(* Let $\Gamma$ be a countable simplicial graph (no loops or multiple edges) and for each vertex $v\in V(\Gamma)$ let $G_v$ be a finitely generated group with a finite generating set $S_v=S_v^{-1}$ not containing the identity. Fix an injective map $\bar w:V(\Gamma)\to\{1,2,3,\dots\}$ (a one-to-one correspondence with $\mathbb{N}$ when $\Gamma$ is infinite) and equip the graph product $\Gamma\mathfrak{G}$ with the left-invariant metric $d(g,h)=\|g^{-1}h\|$, where $\|\gamma\|=\inf\{\sum_i w(s_i)\mid \gamma=s_1\cdots s_m,\ s_i\in\bigsqcup_v S_v\}$ (and $\|e\|=0$), with $w(s)=\bar w(v)$ for $s\in S_v$. Let $r>0$, let $\Gamma_r$ be the full subgraph of $\Gamma$ on the vertex set $\bar w^{-1}([0,r])$, and let $\Gamma_r\mathfrak{G}$ be the subgroup of $\Gamma\mathfrak{G}$ generated by the $G_v$ with $v\in V(\Gamma_r)$. Then every element of $\Gamma\mathfrak{G}$ can be written in the form $xb$ with $x$ permissible and $b\in\Gamma_r\mathfrak{G}$. Moreover, if $x\neq x'$ are permissible, then $d(xb,x'b')>r$ for all $b,b'\in\Gamma_r\mathfrak{G}$.
   Context: The graph product $\Gamma\mathfrak{G}$ of groups $\{G_v\}_{v\in V(\Gamma)}$ is the free product of the $G_v$ modulo the relations $gg'=g'g$ for all $g\in G_v$, $g'\in G_{v'}$ whenever $\{v,v'\}$ is an edge of $\Gamma$. An expression $g=g_1\cdots g_\ell$ is an expression in syllables if each $g_i$ is non-trivial and lies in a single vertex group, and no two consecutive $g_i,g_{i+1}$ lie in the same vertex group. An element $x\in\Gamma\mathfrak{G}$ is called permissible (with respect to $\Gamma_r$) if no reduced word in syllables presenting $x$ ends with a non-trivial syllable belonging to $\Gamma_r\mathfrak{G}$ (i.e. to a vertex group $G_v$ with $v\in V(\Gamma_r)$); the identity is considered permissible. *)

From Stdlib Require Import Relations.
From Stdlib Require List.
From mathcomp Require Import all_boot all_order all_algebra.
From mathcomp Require Import reals.
Set Implicit Arguments. Unset Strict Implicit. Unset Printing Implicit Defensive.
Import Order.TTheory GRing.Theory Num.Theory.

Record group := Group {
  gcar :> Type;
  gmul : gcar -> gcar -> gcar;
  gone : gcar;
  ginv : gcar -> gcar;
  gmulA : associative gmul;
  gmul1 : left_id gone gmul;
  gmulV : left_inverse gone ginv gmul }.

Section GraphProduct.
Variables (V : countType) (adj : rel V) (G : V -> group).

Definition letter := {v : V & G v}.
Definition word := seq letter.

Inductive gp_step : word -> word -> Prop :=
| gp_del1 (u u' : word) (v : V) :
    gp_step (u ++ existT _ v (gone (G v)) :: u') (u ++ u')
| gp_merge (u u' : word) (v : V) (g h : G v) :
    gp_step (u ++ existT _ v g :: existT _ v h :: u')
            (u ++ existT _ v (gmul g h) :: u')
| gp_comm (u u' : word) (v v' : V) (g : G v) (h : G v') :
    adj v v' ->
    gp_step (u ++ existT _ v g :: existT _ v' h :: u')
            (u ++ existT _ v' h :: existT _ v g :: u').

Definition gp_eq : word -> word -> Prop := clos_refl_sym_trans word gp_step.

Definition wmul (x y : word) : word := x ++ y.
Definition winv (x : word) : word :=
  rev (map (fun s : letter => existT _ (projT1 s) (ginv (projT2 s))) x).

Fixpoint syllable_adj (w : word) : Prop :=
  match w with
  | s :: ((s' :: _) as w') => projT1 s <> projT1 s' /\ syllable_adj w'
  | _ => True
  end.
Definition in_syllables (w : word) : Prop :=
  (forall s, List.In s w -> projT2 s <> gone (G (projT1 s))) /\ syllable_adj w.

Definition reduced (w : word) : Prop :=
  in_syllables w /\ forall w', gp_eq w w' -> (size w <= size w')%N.

Variables (R : realType) (wbar : V -> nat) (r : R).

Definition in_Gamma_r (v : V) : Prop := ((wbar v)%:R <= r)%R.

Definition permissible (x : word) : Prop :=
  forall (w0 : word) (s : letter),
    gp_eq x (rcons w0 s) -> reduced (rcons w0 s) -> ~ in_Gamma_r (projT1 s).

Definition in_sub_r (b : word) : Prop :=
  exists w : word, gp_eq b w /\ forall s, List.In s w -> in_Gamma_r (projT1 s).

Variable S : forall v, seq (G v).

**What is being asked:** Answer with a single number, the count of lines in the data that contain "Import".

**Answer space:** 4